EXERCISE – Transcribe only part of the material below: the lines from the one containing "auto_derive; auto. change" through the one containing "pd3 1 (interp_form", inclusive, exactly as written.

PROVIDED INFORMATION –
= Beginning of Section =
Lemma cut_near_boundary x y : 1 - d < x ^ 2 + y ^ 2 -> cut d F x y = 0.
Proof.
  intros Hr. unfold cut. destruct (Rle_dec (x ^ 2 + y ^ 2) 1).
  - rewrite HF0 by (unfold in_disk; lra). ring.
  - rewrite cutoff_outer by lra. ring.
Qed.

End CompactSupport.

Lemma RInt_zero_on (f : R -> R) a b : (forall s, Rmin a b < s < Rmax a b -> f s = 0) ->
  RInt f a b = 0.
Proof.
  intros H. rewrite (RInt_ext f (fun _ => 0)) by exact H.
  rewrite RInt_const. unfold scal; simpl; unfold mult; simpl. ring.
Qed.

Lemma is_derive_zero_constant (f : R -> R) : (forall t, is_derive f t 0) ->
  forall y z, f y = f z.
Proof.
  intros Hf y z.
  assert (HD : forall t, Derive f t = 0) by (intro; now apply is_derive_unique).
  assert (Hint : RInt (Derive f) z y = f y - f z).
  { apply RInt_Derive.
    - intros; eexists; apply Hf.
    - intros. apply (continuous_ext (fun _ => 0)); [intro; symmetry; apply HD|apply continuous_const]. }
  rewrite RInt_zero_on in Hint by (intros; apply HD). lra.
Qed.

Section Poincare.

Variables (P Q : fun2) (d : R).
Hypotheses (HP : smooth2 P) (HQ : smooth2 Q) (Hd : 0 < d <= 1).
Hypothesis Hclosed : forall x y, in_disk x y -> pd2 0 Q x y = pd2 1 P x y.
Hypothesis HP0 : forall x y, in_disk x y -> 1 - d < x ^ 2 + y ^ 2 -> P x y = 0.
Hypothesis HQ0 : forall x y, in_disk x y -> 1 - d < x ^ 2 + y ^ 2 -> Q x y = 0.

(* Inside the disk this is the closedness of [(P, Q)]; elsewhere the cutoff and its
   derivative vanish, or [P = Q = 0]. *)
Lemma closed_cut x y : pd2 1 (cut d P) x y = pd2 0 (cut d Q) x y.
Proof.
  assert (Hr : forall u, ex_derive (cutoff d) u) by (intro; apply smooth1_ex_derive, smooth1_cutoff; lra).
  unfold cut.
  rewrite !pd2_mult by (apply ex_pd2_radial || apply smooth2_ex_pd; auto).
  rewrite !pd2_radial by exact Hr.
  destruct (Rle_dec (x ^ 2 + y ^ 2) 1) as [Hin|Hout].
  - rewrite Hclosed by exact Hin.
    destruct (Rle_dec (x ^ 2 + y ^ 2) (1 - d)).
    + rewrite Derive_cutoff_off by lra. ring.
    + rewrite HP0, HQ0 by (unfold in_disk; lra). ring.
  - rewrite Derive_cutoff_off, cutoff_outer by lra. ring.
Qed.

Definition potential : fun2 := xprim (-2) (cut d P).

Lemma smooth2_potential : smooth2 potential.
Proof. apply smooth2_xprim, smooth2_cut; auto; lra. Qed.

Lemma is_derive_potential_0 x y : is_derive (fun s => potential s y) x (cut d P x y).
Proof. apply is_derive_xprim_0. intros; apply smooth2_continuity_pt, smooth2_cut; auto; lra. Qed.

Lemma is_derive_potential_1 x y : is_derive (fun s => potential x s) y (cut d Q x y).
Proof.
  assert (HQc : smooth2 (cut d Q)) by (apply smooth2_cut; auto; lra).
  replace (cut d Q x y) with (xprim (-2) (pd2 1 (cut d P)) x y);
    [apply is_derive_xprim_1, smooth2_cut; auto; lra|].
  unfold xprim. rewrite (RInt_ext _ (Derive (fun s => cut d Q s y))) by (intros; apply closed_cut).
  rewrite RInt_Derive.
  - rewrite (cut_near_boundary d Q Hd HQ0 (-2) y) by nra. ring.
  - intros; apply (smooth2_ex_pd 0), HQc.
  - intros. apply (continuous_section1 (pd2 0 (cut d Q))).
    apply smooth2_continuity_pt, smooth2_pd, HQc.
Qed.

Lemma potential_right_edge y : potential 2 y = 0.
Proof.
  assert (Hconst : forall v, is_derive (fun s => potential 2 s) v 0).
  { intro v. rewrite <- (cut_near_boundary d Q Hd HQ0 2 v) by nra.
    apply is_derive_potential_1. }
  rewrite (is_derive_zero_constant _ Hconst y 2).
  apply RInt_zero_on. intros s _. apply (cut_near_boundary d P Hd HP0). nra.
Qed.

(* For [x <= 0] integrate from the left edge, for [x > 0] from the right edge: along
   either segment [s^2 + y^2 >= x^2 + y^2]. *)
Lemma potential_near_boundary x y : 1 - d < x ^ 2 + y ^ 2 -> potential x y = 0.
Proof.
  intros Hr. pose proof (pow2_ge_0 y).
  destruct (Rle_dec x 0) as [Hx|Hx].
  - apply RInt_zero_on. intros s Hs. apply (cut_near_boundary d P Hd HP0).
    unfold Rmin, Rmax in Hs. destruct (Rle_dec (-2) x); nra.
  - assert (Hright : RInt (fun s => cut d P s y) x 2 = 0).
    { apply RInt_zero_on. intros s Hs. apply (cut_near_boundary d P Hd HP0).
      unfold Rmin, Rmax in Hs. destruct (Rle_dec x 2); nra. }
    pose proof (potential_right_edge y) as Hedge. unfold potential, xprim in *.
    rewrite <- (RInt_Chasles (V := R_CompleteNormedModule) _ (-2) x 2) in Hedge
      by (apply ex_RInt_section; intros; apply smooth2_continuity_pt, smooth2_cut; auto; lra).
    rewrite Hright in Hedge. unfold plus, zero in Hedge; simpl in Hedge. lra.
Qed.

End Poincare.

Lemma closed_form_exact (P Q : fun2) (d : R) :
  smooth2 P -> smooth2 Q -> 0 < d <= 1 ->
  (forall x y, in_disk x y -> pd2 0 Q x y = pd2 1 P x y) ->
  (forall x y, in_disk x y -> 1 - d < x ^ 2 + y ^ 2 -> P x y = 0 /\ Q x y = 0) ->
  exists H : fun2, smooth2 H /\
    (forall x y, in_disk x y -> pd2 0 H x y = P x y /\ pd2 1 H x y = Q x y) /\
    (forall x y, 1 - d < x ^ 2 + y ^ 2 -> H x y = 0).
Proof.
  intros HP HQ Hd Hclosed Hsupp.
  assert (HP0 : forall x y, in_disk x y -> 1 - d < x ^ 2 + y ^ 2 -> P x y = 0)
    by (intros; now apply Hsupp).
  assert (HQ0 : forall x y, in_disk x y -> 1 - d < x ^ 2 + y ^ 2 -> Q x y = 0)
    by (intros; now apply Hsupp).
  exists (potential P d). split; [|split].
  - now apply smooth2_potential.
  - intros x y Hin. split.
    + rewrite <- (cut_in_disk d P Hd HP0 x y Hin). apply is_derive_unique, is_derive_potential_0; auto.
    + rewrite <- (cut_in_disk d Q Hd HQ0 x y Hin). apply is_derive_unique, is_derive_potential_1; auto.
  - intros x y Hr. eapply potential_near_boundary; eauto.
Qed.

(** * The contact form *)

Lemma contact_reeb_of_dform (a b c : fun3) :
  (forall t x y, in_cyl t x y ->
     0 < a t x y /\ pd3 0 b t x y - pd3 1 a t x y = 0 /\ pd3 0 c t x y - pd3 2 a t x y = 0 /\
     0 < pd3 1 c t x y - pd3 2 b t x y) ->
  is_contact_cyl a b c /\ is_reeb_cyl a b c (fun t x y => (/ a t x y, 0, 0)).
Proof.
  intros Hd. split.
  - intros t x y Hc. destruct (Hd t x y Hc) as (Ha & HA & HB & HC).
    unfold contact_density, dform_eval, form_eval, e_t, e_x, e_y.
    rewrite HA, HB. ring_simplify. nra.
  - intros t x y Hc. destruct (Hd t x y Hc) as (Ha & HA & HB & _). split.
    + unfold form_eval. field. lra.
    + intros [[v0 v1] v2]. unfold dform_eval. rewrite HA, HB. ring.
Qed.

Definition chi : R -> R := step (-1/2) (1/2).

Lemma smooth1_chi : smooth1 chi.
Proof. apply smooth1_step; lra. Qed.

Definition interp_form (eps : R) (F0 F1 : fun2) : fun3 :=
  fun t x y => eps * ((1 - chi t) * F0 x y + chi t * F1 x y).

Definition dt_coef (eps : R) (H : fun2) : fun3 := fun t x y => 1 + eps * (Derive chi t * H x y).

Lemma smooth3_interp_form eps F0 F1 : smooth2 F0 -> smooth2 F1 -> smooth3 (interp_form eps F0 F1).
Proof.
  intros H0 H1. pose proof smooth1_chi.
  apply smooth3_alg3. unfold interp_form.
  apply alg3_mult; [apply alg3_const|].
  apply alg3_plus; apply alg3_mult; auto using alg3_fun_t, alg3_fun_xy.
  apply alg3_fun_t, smooth1_minus; auto using smooth1_const.
Qed.

Lemma smooth3_dt_coef eps H : smooth2 H -> smooth3 (dt_coef eps H).
Proof.
  intros HH. apply smooth3_alg3. unfold dt_coef.
  apply alg3_plus; [apply alg3_const|]. apply alg3_mult; [apply alg3_const|].
  apply alg3_mult; [apply alg3_fun_t, smooth1_Derive, smooth1_chi|now apply alg3_fun_xy].
Qed.

Section Derivatives.

Variables (eps : R) (t x y : R).

Lemma ex_derive_chi : ex_derive chi t.
Proof. apply smooth1_ex_derive, smooth1_chi. Qed.

Lemma pd3_0_interp_form F0 F1 :
  pd3 0 (interp_form eps F0 F1) t x y = eps * (Derive chi t * (F1 x y - F0 x y)).
Proof.
  apply is_derive_unique. unfold interp_form. pose proof ex_derive_chi.
  auto_derive; auto. change (fun s => chi s) with chi. ring.
Qed.

Lemma pd3_1_interp_form F0 F1 : ex_pd2 0 F0 x y -> ex_pd2 0 F1 x y ->
  pd3 1 (interp_form eps F0 F1) t x y = eps * ((1 - chi t) * pd2 0 F0 x y + chi t * pd2 0 F1 x y).
Proof. intros H0 H1. apply is_derive_unique. unfold interp_form. auto_derive; auto. cbv beta iota delta [pd2]. ring. Qed.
= End of Section =
ANSWER TO THIS TASK –
  auto_derive; auto. change (fun s => chi s) with chi. ring.
Qed.

Lemma pd3_1_interp_form F0 F1 : ex_pd2 0 F0 x y -> ex_pd2 0 F1 x y ->
  pd3 1 (interp_form eps F0 F1) t x y = eps * ((1 - chi t) * pd2 0 F0 x y + chi t * pd2 0 F1 x y).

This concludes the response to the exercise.